Africa’s demographic trends count powerfully in favour of sustained growth. Africa’s workforce will be be the world’s largest by 2040. Africa is in the position to reap the demographic dividend of a bulging youth population, at a time when other regions are entering a period of dramatically increasing dependency ratios.
There are, fortunately, already positive signs of human potential in many developing countries being successfully harnessed to achieve demonstrable economic output. The number of engineers produced in India, for example, leave Europe and North America with little hope of competing with India for scarce engineering talent.
What we need is for the human potential of all the citizens of Africa and Asia to be similarly developed. Pockets of excellence must be replicated across the regions.

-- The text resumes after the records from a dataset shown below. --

(* Let $\nu,a,b\in\mathbb{R}$ with $0<b+\nu<(a+\nu)/4$. Then the function $u_2\mapsto\lambda_2(a,u_2,b)-\lambda_3(a,u_2,b)$ has exactly one zero $u^*$ in the interval $b<u_2<a$, and this zero is simple. Moreover, $\lambda_2(a,u_2,b)-\lambda_3(a,u_2,b)$ is positive for $u^*<u_2<a$ and negative for $b<u_2<u^*$.
   Context: For $-\nu<u_3<u_2<u_1$ define $$I(u_1,u_2,u_3)=\int_{u_3}^{u_2}\frac{\eta+\nu}{\sqrt{(\eta+\nu)(u_1-\eta)(u_2-\eta)(\eta-u_3)}}\,d\eta,$$ and for $i=1,2,3$ $$\lambda_i=u_1+u_2+u_3+2\nu-\frac{I}{\partial I/\partial u_i}.$$ *)

From Stdlib Require Import Reals.
From Coquelicot Require Import Coquelicot.
Open Scope R_scope.

Definition Iint (nu u1 u2 u3 : R) : R :=
  RInt_gen
    (fun eta => (eta + nu) / sqrt ((eta + nu) * (u1 - eta) * (u2 - eta) * (eta - u3)))
    (at_right u3) (at_left u2).

Definition dI1 (nu u1 u2 u3 : R) : R := Derive (fun x => Iint nu x u2 u3) u1.
Definition dI2 (nu u1 u2 u3 : R) : R := Derive (fun x => Iint nu u1 x u3) u2.
Definition dI3 (nu u1 u2 u3 : R) : R := Derive (fun x => Iint nu u1 u2 x) u3.

Definition lambda1 (nu u1 u2 u3 : R) : R :=
  u1 + u2 + u3 + 2 * nu - Iint nu u1 u2 u3 / dI1 nu u1 u2 u3.
Definition lambda2 (nu u1 u2 u3 : R) : R :=
  u1 + u2 + u3 + 2 * nu - Iint nu u1 u2 u3 / dI2 nu u1 u2 u3.
Definition lambda3 (nu u1 u2 u3 : R) : R :=
  u1 + u2 + u3 + 2 * nu - Iint nu u1 u2 u3 / dI3 nu u1 u2 u3.

(* Substituting eta = u3 cos^2 t + u2 sin^2 t turns I(a, u2, u3) into the proper integral
   T = int_0^(pi/2) 2 F(eta) dt with F(e) = sqrt (e + nu) / sqrt (a - e), which may be
   differentiated under the integral sign. Then lambda2 - lambda3 = I (dI2 - dI3) / (dI2 dI3)
   with I, dI2, dI3 > 0, and for u3 = b an integration by parts in t gives
   dI2 - dI3 = 2 Phi(u2) / (u2 - b),  Phi(u) = int_b^u F''(x) sqrt ((x - b) (u - x)) dx.
   F'' has the sign of x - x0, x0 = (a - 3 nu) / 4, and the hypothesis says b < x0. Hence
   Phi < 0 on (b, x0]; Phi(u) / sqrt (u - x0) increases at a positive linear rate on (x0, a);
   and Phi(u) -> +oo as u -> a because F'' blows up like (a - x)^(-5/2). So Phi has a
   single zero u*, and the linear rate makes dI2 - dI3, hence lambda2 - lambda3, cross zero
   at u* with positive derivative. *)

From Stdlib Require Import Reals Lra Psatz.
From Coquelicot Require Import Coquelicot.
Open Scope R_scope.

(* Coquelicot's lemmas are stated for arbitrary normed modules and do not unify with plain
   [R -> R] functions; these are their real specializations. *)
Lemma continuous_Rconst (c x : R) : continuous (fun _ : R => c) x.
Proof. apply continuous_const. Qed.

Lemma continuous_Rid (x : R) : continuous (fun y : R => y) x.
Proof. apply continuous_id. Qed.

Lemma continuous_Rmult (f g : R -> R) x :
  continuous f x -> continuous g x -> continuous (fun y => f y * g y) x.
Proof. apply (continuous_mult f g). Qed.

Lemma continuous_Rplus (f g : R -> R) x :
  continuous f x -> continuous g x -> continuous (fun y => f y + g y) x.
Proof. apply (continuous_plus f g). Qed.

Lemma continuous_Rminus (f g : R -> R) x :
  continuous f x -> continuous g x -> continuous (fun y => f y - g y) x.
Proof. intros; apply (continuous_plus f (fun y => - g y)); auto. apply (continuous_opp g); auto. Qed.

Lemma continuous_Rcomp (f g : R -> R) x :
  continuous f x -> continuous g (f x) -> continuous (fun y => g (f y)) x.
Proof. apply (continuous_comp f g). Qed.

Lemma ex_RInt_Rcont (f : R -> R) lo hi p q :
  (forall x, lo <= x <= hi -> continuous f x) -> lo <= p <= hi -> lo <= q <= hi ->
  ex_RInt f p q.
Proof.
  intros Hf Hp Hq. apply (ex_RInt_continuous (V:=R_CompleteNormedModule)).
  intros x Hx. apply Hf. unfold Rmin, Rmax in Hx. destruct (Rle_dec p q); lra.
Qed.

The point to be taken to heart is a strategic one: an educated, healthy, highly skilled and self-sufficient workforce must be the foundation of an emerging markets success story.
Education is critical. Health is critical. Partnership between governments, civil society and the private sector, glued together by a mutually beneficial vision of an alternative reality for Africa and Asia, is crucial.

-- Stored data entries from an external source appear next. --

Lemma Lparent_exists x : x != r -> exists y, Lparent e s x y.
Proof.
move=> xr; have [_ lt ex] := parentP xr.
pose earlier y := (index y s < index x s) && e x y.
have ep : earlier (parent x) by rewrite /earlier lt e_sym.
case: (arg_maxnP (fun y => index y s) ep) => y /andP [iy exy] ymax.
by exists y; split=> // u iu exu; apply: ymax; rewrite /earlier iu.
Qed.

Lemma tight_path_level a p : path e a p -> level (last a p) = level a + size p ->
  forall k, k <= size p -> level (nth a (a :: p) k) = level a + k.
Proof.
elim: p a => [|b p IH] a /=; first by move=> _ _ k; rewrite leqn0 => /eqP ->; rewrite addn0.
case/andP=> eab pp tight; have := level_path pp; have := level_edge eab.
move=> lb lp; have lab : level b = (level a).+1 by lia.
case=> [|k] kp; first by rewrite addn0.
by rewrite /= (set_nth_default b) // (IH b pp) ?lab ?addSnnS //; lia.
Qed.

Lemma shortest_path_first_in_layer p :
  path e r p -> level (last r p) = size p -> bfs_favours e (r :: p) s ->
  forall k, k <= size p -> forall x, level x = k -> index (nth r (r :: p) k) s <= index x s.
Proof.
move=> pp lp fav; have lvl k : k <= size p -> level (nth r (r :: p) k) = k.
  by move=> kp; rewrite (tight_path_level pp) ?level_root.
elim=> [|k IH] kp x lx; first by rewrite /= index_root.
set y := nth r (r :: p) k.+1; set z := nth r (r :: p) k.
rewrite leqNgt; apply/negP => xy.
have zy : e z y by move/pathP: pp; apply.
have zx : index z s < index x s by apply: level_lt_index; rewrite lvl ?lx // ltnW.
have xr : x != r by rewrite -level_eq0 lx.
have zpx : index z s <= index (parent x) s.
  by apply: IH (ltnW kp) _ _; apply: succn_inj; rewrite -level_parent.
have xP : x \in r :: p.
  apply/negPn/negP => xnP; have yP : y \in r :: p by rewrite mem_nth.
  have [z' z'z ez'x] := fav x y z xnP yP xy zx zy.
  by have := parent_first (ltn_trans z'z zx) ez'x; lia.
have := lvl (index x (r :: p)); rewrite -ltnS index_mem xP nth_index // lx => /(_ isT) ix.
by move: xy; rewrite /y ix nth_index // ltnn.
Qed.

Hypothesis e_bip : bipartite e.

Lemma level_edge_neq x y : e x y -> level x != level y.
Proof.
case: e_bip => c hc.
have col k z : level z = k -> c z = c r (+) odd k.
  elim: k z => [|k IH] z lz.
    by move/eqP: lz; rewrite level_eq0 => /eqP ->; rewrite addbF.
  have zr : z != r by rewrite -level_eq0 lz.
  have [_ _ epz] := parentP zr; have := hc _ _ epz.
  rewrite (IH (parent z)); last by apply: succn_inj; rewrite -level_parent.
  by rewrite /=; case: (c z); case: (c r); case: (odd k).
move=> exy; apply: contra_neq (hc _ _ exy) => lxy.
by rewrite (col _ x erefl) (col _ y erefl) lxy.
Qed.

Lemma level_edge_succ x y : e x y -> index x s < index y s -> level y = (level x).+1.
Proof.
move=> exy lt; have := level_edge exy; have := level_mono (ltnW lt).
by have := level_edge_neq exy; lia.
Qed.

Lemma bfs_leaf_dist_preserved v : L_branch_leaf e s v ->
  r != v /\ forall w, w != v -> forall d, is_dist e predT r w d <-> is_dist e (predC1 v) r w d.
Proof.
case=> iv0 leaf; have rv : r != v by rewrite eq_sym -index_bfs_eq0.
split=> // w wv; apply/is_dist_restrictP; move: w wv.
apply: walk_in_level => // x xr; have [y ly] := Lparent_exists xr; case: (ly) => lt exy _.
exists y; split; first by rewrite e_sym.
  by rewrite (level_edge_succ _ lt) // e_sym.
by apply/eqP => yv; apply: leaf; exists x; rewrite -yv.
Qed.

Lemma first_in_layer_leaf v : v != r ->
  (forall x, level x = level v -> index v s <= index x s) ->
  (forall u, u != v -> forall d, is_dist e predT r u d <-> is_dist e (predC1 v) r u d) ->
  L_branch_leaf e s v.
Proof.
move=> vr first dist_r; split; first by rewrite index_bfs_eq0.
case=> u [lt euv umax].
have luv : level u = (level v).+1 by rewrite (level_edge_succ _ lt) // e_sym.
have uv : u != v by apply: contraTneq euv => ->; rewrite e_irr.
have [y wy eyu] : exists2 y, walk_in e (predC1 v) r y (level v) & e y u.
  by apply: walk_in_last_edge; rewrite -luv; apply/is_dist_restrictP/dist_r.
have yv : y != v := walk_in_end wy.
have ly : level y = level v.
  by apply/eqP; rewrite eqn_leq (level_walk wy) -ltnS -luv level_edge.
have vy : index v s < index y s.
  by rewrite ltn_neqAle first // andbT; apply: contra_neq yv => /index_bfs_inj ->.
have yu : index y s < index u s by apply: level_lt_index; rewrite ly luv.
by have := umax y yu; rewrite e_sym eyu leqNgt vy => /(_ isT).
Qed.

End BFSOrdering.

Definition label_key (m : nat) (A : seq nat) : nat := if A is [::] then m else seq_min A.

Lemma lab_lt_label_key m A B : all (fun j => j < m) A -> all (fun j => j < m) B ->
  lab_lt A B = (label_key m B < label_key m A).
Proof.
case: A => [|a A]; case: B => [|b B] hA hB.
- by rewrite /= ltnn.
- by have := seq_min_mem (A := b :: B) isT => /(allP hB) /= ->.
- by have := seq_min_mem (A := a :: A) isT => /(allP hA) /= h; rewrite ltnNge ltnW.
- by rewrite /lab_lt /label_key; case: (seq_min _ < _).
Qed.

Section GreedyBFS.
Variables (T : finType) (e : rel T) (r : T) (P : seq T).

(* Lexicographic: the label order first, then membership in [P]. *)
Definition greedy_cost (pre : seq T) (x : T) : nat :=
  2 * label_key (size pre) (label e pre (size pre) x) + (x \notin P).

Definition greedy_next (pre : seq T) : T :=
  if [pick x | x \notin pre] is Some x0
  then [arg min_(x < x0 | x \notin pre) greedy_cost pre x] else r.

Fixpoint greedy_prefix (k : nat) : seq T :=
  if k is k'.+1 then rcons (greedy_prefix k') (greedy_next (greedy_prefix k')) else [:: r].

Definition greedy_bfs : seq T := greedy_prefix #|T|.-1.

Local Notation s := greedy_bfs.

Lemma greedy_nextP pre y : y \notin pre ->
  greedy_next pre \notin pre /\
  forall z, z \notin pre -> greedy_cost pre (greedy_next pre) <= greedy_cost pre z.
Proof.
move=> ypre; rewrite /greedy_next; case: pickP => [x0 x0pre | /(_ y)]; last by rewrite ypre.
by case: arg_minnP.
Qed.

Lemma size_greedy_prefix k : size (greedy_prefix k) = k.+1.
Proof. by elim: k => //= k IH; rewrite size_rcons IH. Qed.

Lemma take_greedy_prefix k m : k <= m -> take k.+1 (greedy_prefix m) = greedy_prefix k.
Proof.
elim: m => [|m IH]; first by rewrite leqn0 => /eqP ->.
rewrite leq_eqVlt => /orP [/eqP -> | lt]; first by rewrite take_oversize // size_greedy_prefix.
by rewrite /= -cats1 takel_cat ?size_greedy_prefix // IH.
Qed.

Lemma greedy_prefix_uniq k : k < #|T| -> uniq (greedy_prefix k).
Proof.
elim: k => [|k IH] lt //=; rewrite rcons_uniq (IH (ltnW lt)) andbT.
case: (pickP (fun y => y \notin greedy_prefix k)) => [y yk | full].
  by case: (greedy_nextP yk).
suff : #|T| <= size (greedy_prefix k) by rewrite size_greedy_prefix leqNgt lt.
by rewrite cardT uniq_leq_size ?enum_uniq // => x _; move/negbFE: (full x).
Qed.

Lemma card_gt0_root : 0 < #|T|. Proof. by apply/card_gt0P; exists r. Qed.

Lemma greedy_bfs_uniq : uniq s.
Proof. by apply: greedy_prefix_uniq; rewrite prednK ?card_gt0_root. Qed.

Lemma mem_greedy_bfs x : x \in s.
Proof.
apply/negPn/negP => xs; have uxs : uniq (x :: s) by rewrite /= xs greedy_bfs_uniq.
have := max_card (mem (x :: s)); rewrite (card_uniqP uxs) /= size_greedy_prefix.
by rewrite prednK ?card_gt0_root // ltnn.
Qed.

Lemma index_greedy_root : index r s = 0.
Proof.
by rewrite /s -[greedy_prefix _](cat_take_drop 1) take_greedy_prefix //= eqxx.
Qed.

Lemma nth_greedy_bfs i : 0 < i < #|T| -> nth r s i = greedy_next (take i s).
Proof.
case: i => // j /andP [_ lt]; have jN : j < #|T|.-1 by rewrite -ltnS prednK ?card_gt0_root.
rewrite /s -(nth_take r (ltnSn j.+1)) !take_greedy_prefix ?(ltnW jN) //= nth_rcons.
by rewrite size_greedy_prefix ltnn eqxx.
Qed.

Lemma size_greedy_bfs : size s = #|T|.
Proof. by rewrite size_greedy_prefix prednK ?card_gt0_root. Qed.

Lemma index_greedy_lt x : index x s < #|T|.
Proof. by rewrite -size_greedy_bfs index_mem mem_greedy_bfs. Qed.

Lemma greedy_bfs_min x y : x != r -> index x s <= index y s ->
  2 * label_key (index x s) (label e s (index x s) x) + (x \notin P) <=
  2 * label_key (index x s) (label e s (index x s) y) + (y \notin P).
Proof.
move=> xr le; set i := index x s.
have lti : i < #|T| := index_greedy_lt x.
have i0 : 0 < i.
  rewrite lt0n; apply: contra_neq xr => i0.
  by rewrite -(nth_index r (mem_greedy_bfs x)) -/i i0 -index_greedy_root nth_index ?mem_greedy_bfs.
have ypre : y \notin take i s by rewrite in_take ?mem_greedy_bfs // -leqNgt.
have [_ /(_ y ypre)] := greedy_nextP ypre.
rewrite -nth_greedy_bfs ?i0 ?lti // nth_index ?mem_greedy_bfs // /greedy_cost.
by rewrite size_takel ?label_take // size_greedy_bfs ltnW.
Qed.

Lemma greedy_bfs_BFS : is_BFS e s.
Proof.
split; first by split; [exact: greedy_bfs_uniq | exact: mem_greedy_bfs].
move=> i lti y yi; set x := nth y s i.
have ix : index x s = i by rewrite index_uniq ?greedy_bfs_uniq.
case: (eqVneq x r) => [xr | xr].
  by move: ix; rewrite xr index_greedy_root => <-.
have le : index x s <= index y s by move: yi; rewrite in_take ?mem_greedy_bfs // -leqNgt ix.
rewrite -ix (lab_lt_label_key (m := index x s)) ?all_label_lt // -leqNgt.
by have := greedy_bfs_min xr le; case: (x \notin P); case: (y \notin P) => /=; lia.
Qed.

Lemma greedy_bfs_favours : bfs_favours e P s.
Proof.
move=> x y z xP yP xy zx ezy.
have xr : x != r by apply: contraTneq zx => ->; rewrite index_greedy_root.
have := greedy_bfs_min xr (ltnW xy); rewrite xP yP /= addn0.
have zl : index z s \in label e s (index x s) y.
  by rewrite mem_label zx nth_index ?mem_greedy_bfs.
have ky : label_key (index x s) (label e s (index x s) y) <= index z s.
  by case: (label _ _ _ y) zl => // j A; apply: seq_min_le.
case lx : (label e s (index x s) x) => [|j A] /= kx; first by exfalso; lia.
have := seq_min_mem (A := j :: A) isT; rewrite -{2}lx mem_label => /andP [lt ex].
exists (nth x s (seq_min (j :: A))) => //.
by rewrite index_uniq ?greedy_bfs_uniq ?size_greedy_bfs ?(ltn_trans lt (index_greedy_lt x)) //; lia.
Qed.

End GreedyBFS.

Lemma dist_preserved_bfs_leaf (T : finType) (e : rel T) (r v : T) :
  symmetric e -> irreflexive e -> connected_graph e -> bipartite e -> r != v ->
  (forall w, w != v -> forall d, is_dist e predT r w d <-> is_dist e (predC1 v) r w d) ->
  exists s, is_BFS e s /\ L_branch_leaf e s v.
Proof.
move=> e_sym e_irr e_conn e_bip rv dist_r.
have [D distD] : exists D, is_dist e predT r v D.
  case/connectP: (e_conn r v) => p pp pv; apply: (@walk_in_is_dist _ _ _ _ _ (size p)).
  by exists p; rewrite pp pv all_predT !eqxx.
have [[p /and4P [pp /eqP pv _ /eqP pD]] _] := distD.
set s := greedy_bfs e r (r :: p).
have s_BFS : is_BFS e s := greedy_bfs_BFS e r (r :: p).
have s0 : index r s = 0 := index_greedy_root e r (r :: p).
have lv : level e s r v = size p.
  by rewrite pD; apply: is_dist_unique (is_dist_level e_irr e_conn s_BFS s0 v) distD.
exists s; split=> //; apply: (first_in_layer_leaf e_sym e_irr e_conn s_BFS s0 e_bip).
- by rewrite eq_sym.
- move=> x lx; rewrite -pv; have /= <- := nth_last r (r :: p).
  apply: (shortest_path_first_in_layer e_irr e_conn s_BFS s0 pp) => //.
  + by rewrite pv.
  + exact: greedy_bfs_favours.
  + by rewrite lx.
- exact: dist_r.
Qed.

So, Africa’s and Asia’s demographic transformations, if exploited with appropriate policy interventions, can be the catalyst for bringing about the growth forecasts given earlier. Africa’s GDP is approaching $2 trillion (R15.4 trillion), larger than Brazil’s, with its consumers spending about $900 billion a year. Within 10 years its GDP will have grown by a further trillion, consumer spending will be close to $1.5 trillion and the population will be well over 1.5 billion
We were recently reminded by development economist, Esther Duflo, that economic growth does not guarantee equity. If our aim is not only to grow the economies of Africa and Asia, but also to ensure that the poorest citizens share in the proceeds of economic boom, then we need to think through policy mechanisms that can ensure that the bigger economic pie we are building is not unfairly distributed.

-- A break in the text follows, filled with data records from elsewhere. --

Lemma curve_RInt_cos_le_high_freq (M2 M3 : R) (n : nat) :
  (forall t, 0 <= t <= 1 -> Rabs (e1 t) + Rabs (e2 t) <= M2) ->
  (forall t, 0 <= t <= 1 -> Rabs (f1 t) + Rabs (f2 t) <= M3) ->
  0 < INR n -> 5 * M2 <= INR n -> 5 * M3 <= kap * INR n ->
  forall x1 x2 c s u, 0 <= s -> s <= u -> u <= 1 -> 1 <= 2 * PI * sqrt (x1 ^ 2 + x2 ^ 2) ->
  Rabs (RInt (fun t => cos (2 * PI * (x1 * g1 t + x2 * g2 t) + c)) s u)
    <= INR n * (5 + 4 * M2 + PI + 2 * PI / kap) / sqrt (sqrt (x1 ^ 2 + x2 ^ 2)).
Proof.
  intros HM2 HM3 Hn Hn2 Hn3 x1 x2 c s u Hs Hsu Hu Hx.
  pose proof (abs_sum_bound_nonneg e1 e2 M2 HM2) as M2pos.
  pose proof (abs_sum_bound_nonneg f1 f2 M3 HM3) as M3pos.
  set (K1 := 5 + 4 * M2 + PI + 2 * PI / kap).
  assert (HK1 : 0 <= K1)
    by (unfold K1; pose proof PI_RGT_0; assert (0 <= PI / kap) by (apply Rle_mult_inv_pos; lra);
        lra).
  set (rho := sqrt (x1 ^ 2 + x2 ^ 2)) in *.
  assert (HP : 6 < 2 * PI) by (pose proof PI2_3_2; lra).
  set (r := sqrt (2 * PI * rho)).
  assert (Hr : 1 <= r) by (unfold r; rewrite <- sqrt_1; apply sqrt_le_1_alt; lra).
  assert (Hr2 : r ^ 2 = 2 * PI * rho) by (unfold r; apply pow2_sqrt; lra).
  assert (Hrr : sqrt rho <= r) by (unfold r; apply sqrt_le_1_alt; nra).
  assert (Hsrho : 0 < sqrt rho) by (apply sqrt_lt_R0; nra).
  apply Rle_trans with (INR n * (K1 / r)).
  - apply (RInt_cos_le_of_phase_bounds _ (fun t => 2 * PI * (x1 * d1 t + x2 * d2 t))
             (fun t => 2 * PI * (x1 * e1 t + x2 * e2 t))
             (fun t => 2 * PI * (x1 * f1 t + x2 * f2 t)) r kap M2 M3 n); try assumption.
    + intro; apply is_derive_phase_shift; auto.
    + intro; apply is_derive_phase; auto.
    + intro; apply is_derive_phase; auto.
    + intros t Ht; rewrite Hr2; apply curve_phase_deriv_bound; [lra | apply HM2, Ht].
    + intros t Ht; rewrite Hr2; apply curve_phase_deriv_bound; [lra | apply HM3, Ht].
    + intros t Ht; rewrite Hr2; apply curve_phase_dichotomy, Ht.
  - unfold Rdiv; rewrite Rmult_assoc; apply Rmult_le_compat_l; [apply pos_INR|].
    apply Rmult_le_compat_l; [assumption|].
    apply Rinv_le_contravar; assumption.
Qed.
(* Let $R\in\mathcal C_{K_0}$ and write $R=X^\dagger QX$ with $Q,X\in\mathcal A'_G$, $Q\ge0$, $\operatorname{Rng}(X)=\operatorname{Supp}(Q)$. Then an operator $T$ on $\mathcal K\otimes\mathcal H$ is a perturbation of $R$ in $\mathcal C_{K_0}$ if and only if $T$ is a Hermitian element of $\mathcal A'_G$ with $\operatorname{Tr}_{\mathcal K}[T]=0$ and $T=X^\dagger OX$ for some nonzero Hermitian $O\in\mathcal A'_G$ with $\operatorname{Supp}(O)\subseteq\operatorname{Rng}(X)$. Writing $Q=\bigoplus_k(I_{\mathcal H_k}\otimes Q_k)$ and $X=\bigoplus_k(I_{\mathcal H_k}\otimes X_k)$, such $O$ has the form $O=\bigoplus_k(I_{\mathcal H_k}\otimes O_k)$ with $\operatorname{Supp}(O_k)\subseteq\operatorname{Rng}(X_k)$ for all $k$.
   Context: Let $\mathcal H,\mathcal K$ be finite-dimensional Hilbert spaces and $g\mapsto U_g$, $g\mapsto V_g$ unitary representations of a group $G$ on $\mathcal H$ and $\mathcal K$. $U_g^*$ is the complex conjugate in a fixed orthonormal basis. Decompose $\mathcal K\otimes\mathcal H=\bigoplus_k(\mathcal H_k\otimes\mathbb C^{m_k})$ according to the equivalence classes $k$ of irreducible components of $V_g\otimes U_g^*$ (irreducible space $\mathcal H_k$, multiplicity $m_k$). The commutant $\mathcal A'_G$ of $\{V_g\otimes U_g^*\}$ consists of the operators $\bigoplus_k(I_{\mathcal H_k}\otimes M_k)$, $M_k\in\mathcal B(\mathbb C^{m_k})$. CP maps (quantum operations) $\mathcal M$ covariant in the sense $\mathcal M^*(U_g\rho U_g^\dagger)=V_g\mathcal M^*(\rho)V_g^\dagger$ correspond bijectively to operators $R\ge0$ in $\mathcal A'_G$ via $R=(\mathcal M^*\otimes\mathcal I)(|I\rangle\langle I|)$, $|I\rangle=\sum_n|n\rangle\otimes|n\rangle$. Fix an operator $K_0$ on $\mathcal H$ with $0\le K_0\le I_{\mathcal H}$ and let $\mathcal C_{K_0}=\{R\in\mathcal A'_G: R\ge0,\ \operatorname{Tr}_{\mathcal K}[R]=K_0\}$, a convex set. A nonzero $T$ is a perturbation of $R\in\mathcal C_{K_0}$ if $R\pm tT\in\mathcal C_{K_0}$ for some $t>0$; $R$ is extremal iff it has no perturbation. $\operatorname{Supp}(O)=\operatorname{Ker}(O)^\perp$, $\operatorname{Rng}$ denotes range. *)

From HB Require Import structures.
From mathcomp Require Import all_boot all_order all_algebra.
From mathcomp Require mxtens.
Set Implicit Arguments. Unset Strict Implicit. Unset Printing Implicit Defensive.
Import Order.TTheory GRing.Theory Num.Theory.
Local Open Scope ring_scope.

But here is the challenge: government policies must be conducive to economic growth, while ensuring that there is an improvement in the welfare of the poorest.
Duflo rightly points out that we should be less concerned about what the sources of economic growth are in a society; and rather be more concerned with ensuring that once growth happens, a larger number of economically disenfranchised citizens are brought into the economic fold.
Yet, even this interesting hypothesis, however, is subject to debate. What, for example, are the policy tools that will ensure that kind of outcome?
The least uncertain policy intervention that can aid both growth, and equity goals, is to invest in education. In our country the amount of money spent on education is already a large part of the GDP, by international comparative standards, and the next question for education experts to resolve is how to spend this money more effectively to ensure that the education system plays a positive role in reducing structural unemployment, and that it contributes to a reduction in inequality.
These policy discussions are politically and economically difficult to negotiate. But they are unavoidable: growth without equity leads to a wealthier, but less just, society; equity at the expense of growth leads to a more just, but less wealthy, society. We must aim to get the balance right.
I am optimistic about Africa and Asia, not as a matter of blind citizenship loyalty, but precisely because the empirical facts about the economic directional changes we have undergone, are real.